I'm not sure how to do these word questions...

My attempt:

150x + 200x - 600 = 0

I suck at this, any help would be great! Thanks!
• May 6th 2013, 10:35 AM
Qwob
Re: Quadratic Formula Question #5
Think as travelling north as travelling in the y-plane, and travelling west as in the x-plane.

$\displaystyle speed = \frac {distance}{time}$

(or more correctly)

$\displaystyle velocity = \frac{displacement}{time}$

After 2 hours, the first plane will have travelled 300km. (150x2)

We can model this as y = 300 + 150t, where t is the time in hours

After 2 hours, second plane will have just taken off and therefore travelled 0km.

We can model this as x = 200t, where t is the time in hours.

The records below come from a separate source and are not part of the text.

Lemma dnf_ok_nonmodal n : dnf_ok n -> Forall nonmodal_disjunct n.
Proof. apply Forall_impl; intros [[p b] ds]; auto. Qed.

Lemma nonmodal_disjunct_powerset Theta K :
  Forall nonmodal_disjunct Theta -> In K (powerset Theta) -> Forall nonmodal_disjunct K.
Proof. intros HTheta HK; exact (incl_Forall (powerset_incl Theta K HK) HTheta). Qed.

Lemma nonmodal_disjunct_powerset2 Omega SC :
  Forall nonmodal_disjunct Omega -> In SC (powerset2 Omega) ->
  Forall nonmodal_disjunct (fst SC) /\ Forall nonmodal_disjunct (snd SC).
Proof.
  intros HOmega HSC; split; apply (incl_Forall (l1 := Omega)); auto;
    intros s Hs; apply (powerset2_partition _ _ HSC); auto.
Qed.

Lemma nonmodal_info K : Forall nonmodal_disjunct K -> nonmodal (info K).
Proof.
  intros HK; split; [apply nonmodal_bigOr | apply nonmodal_bigAnd]; apply Forall_map;
    eapply Forall_impl; try exact HK; intros d Hd; apply Hd.
Qed.

Lemma nonmodal_state SC :
  Forall nonmodal_disjunct (fst SC) -> Forall nonmodal_disjunct (snd SC) -> nonmodal (state SC).
Proof.
  intros HS HC; split; apply nonmodal_bigAnd, Forall_map;
    [eapply Forall_impl; [|exact HS] | eapply Forall_impl; [|exact HC]]; intros d Hd; apply Hd.
Qed.

Lemma imp_free_good K : Forall nonmodal_disjunct K -> imp_free (good K).
Proof.
  intros HK; pose proof (nonmodal_imp_free _ (nonmodal_info K HK)).
  apply imp_free_bigAnd, Forall_flat_map; eapply Forall_impl; [|exact HK].
  intros k [_ [_ Hc]]; apply Forall_map; eapply Forall_impl; [|exact Hc].
  intros c Hc'; split; auto using nonmodal_imp_free.
Qed.

Lemma imp_free_maxK Theta K :
  Forall nonmodal_disjunct Theta -> In K (powerset Theta) -> imp_free (maxK Theta K).
Proof.
  intros HTheta HK; pose proof (nonmodal_disjunct_powerset _ _ HTheta HK) as HK'.
  split; [apply imp_free_good, HK'|].
  apply imp_free_bigAnd, Forall_map, Forall_forall; intros L HL.
  pose proof (nonmodal_disjunct_powerset _ _ HTheta HL) as HL'.
  pose proof (nonmodal_imp_free _ (nonmodal_info K HK')).
  pose proof (nonmodal_imp_free _ (nonmodal_info L HL')).
  pose proof (imp_free_good L HL').
  unfold FTo, FDia; cbn [imp_free]; tauto.
Qed.

Definition relativized_modal_part (phi : formula) (s : disjunct) : formula :=
  FAnd (FBox (FTo phi (d_beta s))) (bigAnd (map (fun g => FDia (FAnd phi g)) (d_dias s))).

Now, think of this as a vector triangle question like in physics. This way we have a right-angled triangle, and we want the hypotenuse (the distance between the two planes) to be 600km.

Therefore we have:

$\displaystyle x^2 + y^2 = 600^2$

$\displaystyle (200t)^2 + (300 + 150t)^2 = 600^2$

Now we solve for $\displaystyle t$:

$\displaystyle 40000t^2 + 90000 + 90000t + 22500t^2 = 360000$

simplifying:

$\displaystyle 400t^2 + 900 + 900t + 225t^2 = 3600$

$\displaystyle 80t^2 + 180 + 180t + 45t^2 = 720$

$\displaystyle 125t^2 + 180t - 540 = 0$

$\displaystyle 25t^2 + 36t - 108 = 0$

Using a calculator to quickly solve the quadratic:

t = 1.48 hours or t = -2.92 hours

since t cannot be negative, t must be 1.48 hours (or 1.5 hours to the nearest tenth of an hour).

This is just a solution to the problem. There may (and hopefully should) be a much easier way to solve it, maybe given as an example somewhere in your book. If not, I hope this helps.